Strictly speaking, the RDF Core WG is working on clarifying the following
note in the RDF Model and Syntax Specification:
(http://www.w3.org/TR/REC-rdf-syntax/)

 >>>>
  Note: Although non-ASCII characters in URIs are not allowed by [URI], 
[XML] specifies a convention to avoid unnecessary incompatibilities in 
extended URI syntax. Implementors of RDF are encouraged to avoid further 
incompatibility and use the XML convention for system identifiers. Namely, 
that a non-ASCII character in a URI be represented in UTF-8 as one or more 
bytes, and then these bytes be escaped with the URI escaping mechanism 
(i.e., by converting each byte to %HH, where HH is the hexadecimal notation 
of the byte value).
 >>>>


>I find this seriously problematic since it will break many utilities which 
>have made the assumption that RDF identifiers are ASCII strings with no 
>spaces, etc.

I have heard such things in other contexts years ago.
I very much hope the Semantic Web is leading technology,
not just repeating past errors.

Making things work without arbitrary restrictions is easy if
you do it from the start, and not too difficult to fix later
in most cases.


>I can understand presenting strings this way for user-display and 
>user-entry but storing them this way and making them the official encoding 
>seems to be going too far.

XML can 'store' them without problems. N3 also should be able to do it.

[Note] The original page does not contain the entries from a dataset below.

Lemma exists_vspace_of_pred : exists U : {vspace vT}, forall v, P v <-> v \in U.
Proof.
have grow: forall j (U : {vspace vT}), (\dim {:vT} - \dim U <= j)%N ->
    (forall v, v \in U -> P v) ->
    exists U : {vspace vT}, forall v, P v <-> v \in U.
  elim=> [|j IH] U dimU UP; have [PU | [U' U'P ltUU']] := vspace_grow UP.
  - by exists U.
  - by have := dimvS (subvf U'); lia.
  - by exists U.
  - by apply: (IH U') => //; lia.
apply: (grow _ 0%VS (leq_subr _ _)) => v.
by rewrite memv0 => /eqP ->.
Qed.
End SubspaceOfPredicate.

Section TraceForm.
Variables (R : realType) (m : nat).
Local Notation M := 'M[R[i]]_m.

Definition adjmx (Z : M) : M := (map_mx (fun z : R[i] => z^*) Z)^T.

Lemma mxtrace_mul_adjmx_eq0 (Z : M) : \tr (Z *m adjmx Z) = 0 -> Z = 0.
Proof.
have trE : \tr (Z *m adjmx Z) = \sum_i \sum_j Z i j * (Z i j)^*.
  by apply: eq_bigr => i _; rewrite !mxE; apply: eq_bigr => j _; rewrite !mxE.
have rowZ_ge0 i : 0 <= \sum_j Z i j * (Z i j)^*.
  by apply: sumr_ge0 => j _; apply: mul_conjC_ge0.
rewrite trE => /(psumr_eq0P (fun i _ => rowZ_ge0 i)) rowZ0.
apply/matrixP => i j; rewrite mxE; apply/eqP; rewrite -mul_conjC_eq0; apply/eqP.
exact: psumr_eq0P (fun j _ => mul_conjC_ge0 (Z i j)) (rowZ0 i isT) j isT.
Qed.

Lemma mxtrace_mulmx_suml I (r : seq I) (a : I -> R[i]) (E : I -> M) (N : M) :
  \tr ((\sum_(i <- r) a i *: E i) *m N) = \sum_(i <- r) a i * \tr (E i *m N).
Proof.
rewrite mulmx_suml linear_sum; apply: eq_bigr => i _.
by rewrite -scalemxAl linearZ.
Qed.

Lemma mxtrace_mul_commutator (W N P : M) :
  \tr (W *m (N *m P - P *m N)) = \tr ((P *m W - W *m P) *m N).
Proof.
rewrite mulmxBl mulmxBr !raddfB /= !mulmxA; congr (_ - _).
by rewrite mxtrace_mulC mulmxA.
Qed.

Lemma eq_mxtrace_span k (e : k.-tuple M) (Y Z : M) :
  (forall i : 'I_k, \tr (e`_i *m Y) = \tr (e`_i *m Z)) ->
  {in <<e>>%VS, forall W, \tr (W *m Y) = \tr (W *m Z)}.
Proof.
move=> eYZ W /coord_span ->; rewrite !mxtrace_mulmx_suml.
by apply: eq_bigr => i _; rewrite eYZ.
Qed.

Variable U : {vspace M}.
Hypothesis adjU : {in U, forall Z, adjmx Z \in U}.

Lemma trace_form_nondegenerate (Y : M) :
  Y \in U -> {in U, forall W, \tr (W *m Y) = 0} -> Y = 0.
Proof.
move=> YU Y_orth; apply: mxtrace_mul_adjmx_eq0.
by rewrite mxtrace_mulC Y_orth ?adjU.
Qed.

(* For U closed under adjoints this is the Hilbert-Schmidt projection of O
   onto U, written with the bilinear pairing (W, Q) |-> tr (W Q). *)
Definition trace_proj (O Q : M) :=
  Q \in U /\ {in U, forall W, \tr (W *m Q) = \tr (W *m O)}.

Lemma trace_proj_exists (O : M) : exists Q, trace_proj O Q.
Proof.
have eB := vbasisP U; set e := vbasis U.
have spanU W : W \in U -> W \in <<e>>%VS by rewrite (span_basis eB).
have eU (i : 'I_(\dim U)) : e`_i \in U by rewrite vbasis_mem ?mem_nth ?size_tuple.
pose G : 'M_(\dim U) := \matrix_(i, j) \tr (e`_i *m e`_j).
have mulG (c : 'rV_(\dim U)) j : (c *m G) 0 j = \tr ((\sum_i c 0 i *: e`_i) *m e`_j).
  by rewrite mxE mxtrace_mulmx_suml; apply: eq_bigr => i _; rewrite mxE.
have Gunit : G \in unitmx.
  rewrite unitmxE unitfE; apply/negP => /det0P [c c_neq0 cG0].
  move/negP: c_neq0; apply; apply/eqP/rowP => i; rewrite mxE.
  move/freeP: (basis_free eB); apply; apply: trace_form_nondegenerate.
    by apply: memv_suml => j _; rewrite memvZ.
  move=> W /spanU We; transitivity (\tr (W *m 0)); last by rewrite mulmx0 mxtrace0.
  apply: eq_mxtrace_span We => j.
  by rewrite mulmx0 mxtrace0 mxtrace_mulC -mulG cG0 mxE.
pose c := \row_j \tr (e`_j *m O) *m invmx G.
exists (\sum_i c 0 i *: e`_i); split; first by apply: memv_suml => i _; rewrite memvZ.
move=> W /spanU We; apply: eq_mxtrace_span We.
by move=> j; rewrite mxtrace_mulC -mulG mulmxKV // mxE.
Qed.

>I would think that simply using UTF-8 %-encoding would be fine for these 
>purposes.

Why do you think so? Would you think it would make sense to replace
     mailto:me@aaronsw.com
with something like
     mailto:%6d%65@%a1%a1%72%6f%6e%73%77.%63%6f%6d
or maybe even more appropriately, with something like the above
but using Greek letters instead of Latin ones? This is just about
how people using another script than Latin in their day-to-day
work would feel. Why should they have to use special tools
(having to do syntax analysis so that they can figure out
where a % is an escape character and when not,...) just to
be able to read the text, just because some tools make too
restrictive assumptions?


>An example from the RDF test cases shows an HTTP URI with embedded 
>accented characters in Unicode.

Great. I think we should get a few more examples, with different
scripts. I'd be glad to contribute. That way, tools will quickly
be upgraded.


Regards,    Martin.
Received on Friday, 24 May 2002 19:12:45 UTC